Donald Trump, currently in a tight electoral race for re-election, managed to shift decades of received wisdom on trade in Washington during his time in office from 2017 to 2020. Many of the policies and objectives that were put into place during his administration have remained across President Biden’s term in office.1
While trade policy watchers seem relatively calm about the prospect of Trump’s return to the White House, they shouldn’t be. A second administration is poised to be much more radical and disruptive. The consequences of a harder US line on economic policymaking will be felt globally. Opportunities for navigating very choppy waters will be limited and the damage to global growth, economic development, and livelihoods should not be underestimated.
The challenges ahead go well beyond Trump’s own stated objectives of raising tariffs on Chinese imports to at least 60% and applying tariffs of 10-20% on all imported goods.2 Economic modelling suggests that typical American middle-class households would face higher costs of US$1,700 a year.3 Although, Trump has repeatedly argued – wrongly, according to the analysis of even US trade officials – that tariffs are paid by foreign countries rather than by US citizens. He has insisted that tariff increases did not make prices go up and that, instead, tariffs are a point of leverage and power over others.4 Under Trump 2.0, these ‘others’ won’t just include China. Trump wants to raise tariffs on every nation in the world.
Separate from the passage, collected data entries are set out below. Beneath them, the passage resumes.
(* (id (x) T_d)(rho) = rho_r (x) |0><0| with rho_r = Tr_a rho, and since |0> is
   one of the basis vectors, (I (x) <0|) phi = |0> / sqrt d.  So the objective is
   p/d with p = <0|rho_r|0> <= 1, attained by |0><0| (x) rho_a.
   The d diagonal entries of rho in the |0>-block carry total weight p and the
   other d(d-1) carry 1 - p, so by Cauchy-Schwarz
   Tr rho^2 >= p^2/d + (1-p)^2/(d(d-1)), i.e. (dp - 1)^2 <= (d-1)(d^2 Tr rho^2 - 1),
   which bounds p once Tr rho^2 <= t.  Mixing I/d^2 with |0><0| (x) I/d keeps
   the diagonal constant on each of the two groups, so Cauchy-Schwarz is tight,
   and the mixing weight k is chosen to make the purity constraint tight. *)

Lemma sumr_mxtens (R : nmodType) m n (F : 'I_(m * n) -> R) :
  \sum_k F k = \sum_(a < m) \sum_(b < n) F (mxtens_index (a, b)).
Proof.
rewrite pair_big /= (reindex (@mxtens_index m n)) /=; last first.
  by exists (@mxtens_unindex m n) => k _; rewrite (mxtens_indexK, mxtens_unindexK).
by apply: eq_bigr => -[a b].
Qed.

Lemma sumr_single {R : nmodType} {I : finType} (i0 : I) (F : I -> R) :
  (forall i, i != i0 -> F i = 0) -> \sum_i F i = F i0.
Proof. by move=> F0; rewrite (bigD1 i0) //= big1 ?addr0 // => i /F0. Qed.

Lemma sqr_sum_le {R : numDomainType} {I : finType} (P : pred I) (x : I -> R) :
  {in P, forall i, x i \is Num.real} ->
  (\sum_(i in P) x i) ^+ 2 <= #|P|%:R * \sum_(i in P) x i ^+ 2.
Proof.
move=> xR; set S := \sum_(i in P) x i; set Q := \sum_(i in P) x i ^+ 2.
have spread_ge0 : 0 <= \sum_(i in P) \sum_(j in P) (x i - x j) ^+ 2.
  by do 2!apply: sumr_ge0 => ? ?; rewrite -realEsqr realB ?xR.
suff spreadE : \sum_(i in P) \sum_(j in P) (x i - x j) ^+ 2 =
               2%:R * (#|P|%:R * Q - S ^+ 2).
  by rewrite spreadE pmulr_rge0 ?ltr0n // subr_ge0 in spread_ge0.
transitivity (\sum_(i in P) (x i ^+ 2 * #|P|%:R + Q - 2%:R * x i * S)).
  apply: eq_bigr => i _; rewrite /Q /S mulr_natr -sumr_const.
  rewrite !mulr_sumr -!big_split -sumrB; apply: eq_bigr => j _ /=.
  by move: (x i) (x j) => a b; ring.
rewrite sumrB big_split /= -!mulr_suml -/S -/Q sumr_const -mulr_sumr -/S.
by rewrite -[Q *+ _]mulr_natr; ring.
Qed.

Lemma ler_sqrtC_sqr (C : numClosedFieldType) (x y : C) :
  x \is Num.real -> x ^+ 2 <= y -> x <= sqrtC y.
Proof.
move=> xR x2_le; apply: le_trans (real_ler_norm xR) _.
have y_ge0 : 0 <= y by apply: le_trans x2_le; rewrite -realEsqr.
by rewrite -(sqrCK (normr_ge0 x)) ler_sqrtC ?nnegrE ?exprn_ge0 ?real_normK.
Qed.

Lemma mxtrace_delta (R : pzSemiRingType) n (i : 'I_n) : \tr (delta_mx i i : 'M[R]_n) = 1.
Proof.
rewrite /mxtrace (sumr_single i) => [|j ji]; first by rewrite mxE eqxx.
by rewrite mxE (negbTE ji).
Qed.

Lemma tensmxZr (R : comPzRingType) m n p q c (A : 'M[R]_(m, n)) (B : 'M[R]_(p, q)) :
  A *t (c *: B) = c *: (A *t B).
Proof. by apply/matrixP => i j; rewrite !mxE mulrCA. Qed.

Definition ptrace_a {R : nmodType} {m n} (rho : 'M[R]_(m * n)) : 'M[R]_m :=
  \matrix_(a, a') \sum_b rho (mxtens_index (a, b)) (mxtens_index (a', b)).

Lemma mxtrace_ptrace_a (R : nmodType) m n (rho : 'M[R]_(m * n)) :
  \tr (ptrace_a rho) = \tr rho.
Proof. by rewrite [RHS]/mxtrace sumr_mxtens; apply: eq_bigr => a _; rewrite mxE. Qed.

Lemma ptrace_a_tens (R : comPzRingType) m n (A : 'M[R]_m) (B : 'M[R]_n) :
  ptrace_a (A *t B) = \tr B *: A.
Proof.
apply/matrixP => a a'; rewrite !mxE mulr_suml.
by apply: eq_bigr => b _; rewrite tensmxE mulrC.
Qed.

Lemma mxtrace_tens (R : comPzRingType) m n (A : 'M[R]_m) (B : 'M[R]_n) :
  \tr (A *t B) = \tr A * \tr B.
Proof. by rewrite -mxtrace_ptrace_a ptrace_a_tens mxtraceZ mulrC. Qed.

Section Psd.
Variable C : numClosedFieldType.
Local Notation qform A v := ((dagger v *m A *m v) 0 0).

Lemma daggerE m n (A : 'M[C]_(m, n)) i j : dagger A i j = (A j i)^*.
Proof. by rewrite !mxE. Qed.

Lemma daggerD m n (A B : 'M[C]_(m, n)) : dagger (A + B) = dagger A + dagger B.
Proof. by apply/matrixP => i j; rewrite !daggerE !mxE rmorphD. Qed.

Lemma daggerZ m n c (A : 'M[C]_(m, n)) : dagger (c *: A) = c^* *: dagger A.
Proof. by apply/matrixP => i j; rewrite !daggerE !mxE rmorphM. Qed.

Lemma dagger_tens m n p q (A : 'M[C]_(m, n)) (B : 'M[C]_(p, q)) :
  dagger (A *t B) = dagger A *t dagger B.
Proof. by rewrite /dagger map_mxT trmx_tens. Qed.

Lemma dagger_delta m n (i : 'I_m) (j : 'I_n) :
  dagger (delta_mx i j : 'M[C]_(m, n)) = delta_mx j i.
Proof. by apply/matrixP => k l; rewrite daggerE !mxE conjC_nat andbC. Qed.

Lemma qformE n (A : 'M[C]_n) (v : 'cV[C]_n) :
  qform A v = \sum_k \sum_l (v k 0)^* * A k l * v l 0.
Proof.
rewrite mxE exchange_big; apply: eq_bigr => l _.
by rewrite mxE mulr_suml; apply: eq_bigr => k _; rewrite daggerE.
Qed.

Lemma qform_delta n (A : 'M[C]_n) k : qform A (delta_mx k 0 : 'cV_n) = A k k.
Proof. by rewrite dagger_delta -rowE -colE !mxE. Qed.

Lemma qform_scale n (A : 'M[C]_n) c (v : 'cV[C]_n) : qform A (c *: v) = c^* * c * qform A v.
Proof. by rewrite daggerZ -scalemxAl -scalemxAr -scalemxAl !mxE mulrA [c * _]mulrC. Qed.

Lemma psdmx_herm n (A : 'M[C]_n) i j : psdmx A -> A j i = (A i j)^*.
Proof. by case=> AH _; rewrite -{1}AH daggerE. Qed.

Lemma psdmx_diag_ge0 n (A : 'M[C]_n) k : psdmx A -> 0 <= A k k.
Proof. by case=> _ /(_ (delta_mx k 0)); rewrite qform_delta. Qed.

Lemma psdmxD n (A B : 'M[C]_n) : psdmx A -> psdmx B -> psdmx (A + B).
Proof.
move=> [AH A_ge0] [BH B_ge0]; split; first by rewrite daggerD AH BH.
by move=> v; rewrite mulmxDr mulmxDl mxE addr_ge0.
Qed.

Lemma psdmxZ n c (A : 'M[C]_n) : 0 <= c -> psdmx A -> psdmx (c *: A).
Proof.
move=> c_ge0 [AH A_ge0]; split; first by rewrite daggerZ geC0_conj // AH.
by move=> v; rewrite -scalemxAr -scalemxAl mxE mulr_ge0.
Qed.

Lemma psdmx1 n : psdmx (1%:M : 'M[C]_n).
Proof.
split; first by apply/matrixP => i j; rewrite daggerE !mxE conjC_nat eq_sym.
move=> v; rewrite qformE; apply: sumr_ge0 => k _.
rewrite (sumr_single k) => [|l lk]; last by rewrite !mxE eq_sym (negbTE lk) mulr0 mul0r.
by rewrite mxE eqxx mulr1 mulrC mul_conjC_ge0.
Qed.

Lemma qform_delta_tens m n (i : 'I_m) (B : 'M[C]_n) (v : 'cV[C]_(m * n)) :
  qform (delta_mx i i *t B) v = qform B (\col_b v (mxtens_index (i, b)) 0).
Proof.
rewrite !qformE sumr_mxtens (sumr_single i) => [|a ai]; last first.
  apply: big1 => b _; apply: big1 => l _; case: (mxtens_indexP l) => a' b'.
  by rewrite tensmxE mxE (negbTE ai) /= !(mul0r, mulr0).
apply: eq_bigr => b _; rewrite sumr_mxtens (sumr_single i) => [|a' a'i]; last first.
  by apply: big1 => b' _; rewrite tensmxE mxE (negbTE a'i) andbF !(mul0r, mulr0).
by apply: eq_bigr => b' _; rewrite tensmxE !mxE !eqxx mul1r.
Qed.

Lemma qform_tens_delta m n (A : 'M[C]_m) (j : 'I_n) (v : 'cV[C]_(m * n)) :
  qform (A *t delta_mx j j) v = qform A (\col_a v (mxtens_index (a, j)) 0).
Proof.
rewrite !qformE sumr_mxtens; apply: eq_bigr => a _.
rewrite (sumr_single j) => [|b bj]; last first.
  apply: big1 => l _; case: (mxtens_indexP l) => a' b'.
  by rewrite tensmxE mxE (negbTE bj) /= !(mul0r, mulr0).
rewrite sumr_mxtens; apply: eq_bigr => a' _.
rewrite (sumr_single j) => [|b' b'j]; last first.
  by rewrite tensmxE mxE (negbTE b'j) andbF !(mul0r, mulr0).
by rewrite tensmxE !mxE !eqxx mulr1.
Qed.

Lemma psdmx_delta_tens m n (i : 'I_m) (B : 'M[C]_n) :
  psdmx B -> psdmx (delta_mx i i *t B).
Proof.
move=> [BH B_ge0]; split; first by rewrite dagger_tens dagger_delta BH.
by move=> v; rewrite qform_delta_tens.
Qed.

Lemma sum_sqr_diag_le_trace n (A : 'M[C]_n) :
  psdmx A -> \sum_k A k k ^+ 2 <= \tr (A *m A).
Proof.
move=> A_psd; apply: ler_sum => k _; rewrite mxE (bigD1 k) //= -expr2 lerDl.
by apply: sumr_ge0 => l _; rewrite (psdmx_herm k l A_psd) mul_conjC_ge0.
Qed.

Lemma ptrace_a_diag_ge0 m n (rho : 'M[C]_(m * n)) a :
  psdmx rho -> 0 <= ptrace_a rho a a.
Proof. by move=> rho_psd; rewrite mxE; apply: sumr_ge0 => b _; apply: psdmx_diag_ge0. Qed.

Lemma ptrace_a_diag_le1 m n (rho : 'M[C]_(m * n)) a :
  density rho -> ptrace_a rho a a <= 1.
Proof.
case=> rho_psd <-; rewrite -mxtrace_ptrace_a /mxtrace (bigD1 a) //= lerDl.
by apply: sumr_ge0 => a' _; apply: ptrace_a_diag_ge0.
Qed.
End Psd.

Section TraceReplace.
Variable C : numClosedFieldType.

Lemma id_tens_trace_replace d (i0 : 'I_d) (rho : 'M[C]_(d * d)) :
  id_tens (trace_replace i0) rho = ptrace_a rho *t delta_mx i0 i0.
Proof.
apply/matrixP => k l; case: (mxtens_indexP k) => a b; case: (mxtens_indexP l) => a' b'.
rewrite tensmxE !mxE !mxtens_indexK /=; congr (_ * _).
by apply: eq_bigr => c _; rewrite mxE.
Qed.

Lemma onb_with_col d (U : 'M[C]_d) i0 : onb_with U i0 ->
  exists j, (forall i, U i i0 = (i == j)%:R) /\ (forall k, U j k = (k == i0)%:R).
Proof.
case=> UU [j Uj].
have Uj_row k : U j k = (k == i0)%:R.
  by have := congr1 (fun r : 'rV[C]_d => r 0 k) Uj; rewrite !mxE.
exists j; split => // i.
have := congr1 (fun M : 'M[C]_d => M j i) UU.
rewrite !mxE (sumr_single i0) => [|k ki0]; last by rewrite Uj_row (negbTE ki0) mul0r.
by rewrite Uj_row eqxx mul1r daggerE => /(congr1 conjC); rewrite conjCK conjC_nat eq_sym.
Qed.

Lemma max_ent_slice d (U : 'M[C]_d) i0 : onb_with U i0 ->
  \col_a max_ent U (mxtens_index (a, i0)) 0 = (sqrtC d%:R)^-1 *: delta_mx i0 0.
Proof.
move=> /onb_with_col[j [Ucol Urow]]; apply/matrixP => a z.
rewrite !mxE mxtens_indexK /= [z]ord1 (sumr_single j) => [|i ij]; last first.
  by rewrite Ucol (negbTE ij) mulr0.
by rewrite Ucol eqxx mulr1 Urow andbT.
Qed.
Tariffs are only part of a likely Trump 2.0 agenda. The Project 2025 agenda lays out two different trade scenarios, although the chapter written by Trump’s former advisor, Peter Navarro, is perhaps more important.5 It highlights a range of policy actions that Trump’s incoming economic team will try to fully implement. It views many objectives as having only been partially achieved during his first term in office.
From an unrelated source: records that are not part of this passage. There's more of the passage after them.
Lemma f_practical_mul_expS_bound k : f_practical f (m * p ^ k.+1) ->
  f (p ^ k.+1) <= Sf f (m * p ^ k) + 1.
Proof.
move=> mpk_practical; rewrite leqNgt; apply/negP => lt_S_F.
have lt_Sf : Sf f (m * p ^ k) < Sf f (m * p ^ k.+1).
  rewrite Sf_mul_expS -addn1 leq_add2l muln_gt0 f_gt0 ?expn_gt0 ?p_gt0 //=.
  by rewrite -[1]f1 leq_f_Sf.
have [d [dv_d ndv_d le_fd]] :=
  f_practical_new_divisor mpk_practical (mul_exp_gt0 k) lt_Sf.
case/dvdn_mul_expS: dv_d ndv_d le_fd => [-> // | [d' dv_d'm ->] _ le_fd].
have le_F_fd : f (p ^ k.+1) <= f (d' * p ^ k.+1).
  by rewrite f_mul_expS // leq_pmull ?f_gt0 ?(dvdn_gt0 m_gt0 dv_d'm).
by have := leq_trans lt_S_F (leq_trans le_F_fd le_fd); rewrite ltnn.
Qed.

End PrimePowerStep.

(* Primes r with f(r) >= t cannot contribute to representations of numbers
   below t. *)
Lemma leq_Sf_partn_lt n t : f_practical f n -> t <= Sf f n + 1 ->
  t <= Sf f n`_[pred r | f r < t] + 1.
Proof.
move=> n_practical le_t; have [n_gt0 _] := n_practical.
rewrite leqNgt; apply/negP => lt_t.
have lt_Sf : Sf f n`_[pred r | f r < t] < Sf f n.
  by rewrite -(ltn_add2r 1) (leq_trans lt_t le_t).
have [d [dv_dn ndv_d le_fd]] :=
  f_practical_new_divisor n_practical (part_gt0 _ _) lt_Sf.
have d_gt0 := dvdn_gt0 n_gt0 dv_dn.
case/negP: ndv_d; rewrite -(@part_pnat_id [pred r | f r < t] d) ?partn_dvd //.
apply/pnatP => // q q_prime dv_qd; rewrite inE.
exact: leq_ltn_trans (leq_f_dvd d_gt0 dv_qd) (leq_ltn_trans le_fd lt_t).
Qed.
Trump has a long history of concern with trade, tariffs, and dependency. In 1987, Trump paid to publish his letter of complaint on trade issues, using language that has remained remarkably consistent across the decades. Trump wrote, “The world is laughing at American politicians as we protect ships we don’t own, carrying oil we don’t need, destined for allies who won’t help.” He went on to say, “It’s time for us to end our vast deficits by making Japan, and others who can afford it, pay.”6 He called for 15-20% tariffs against Japan in 1989 to get the trade deficit under control.7
Although Trump was railing against an American commitment to “free trade,” the US, like every other country, has never followed a pure “free trade” model. Countries have progressively lowered certain barriers to trade, particularly tariff rates on imported goods, although trade flows have continued to be managed by a range of policy choices like customs and border protection rules, restrictions on investment, licensing and qualification requirements, and health and safety standards. But the overall objective of US policy since the 1950s had been to allow trade in goods, services, and investments to flow relatively freely, and to lower barriers in conjunction with others through multilateral mechanisms like the General Agreement on Tariffs and Trade (GATT) and the World Trade Organization (WTO).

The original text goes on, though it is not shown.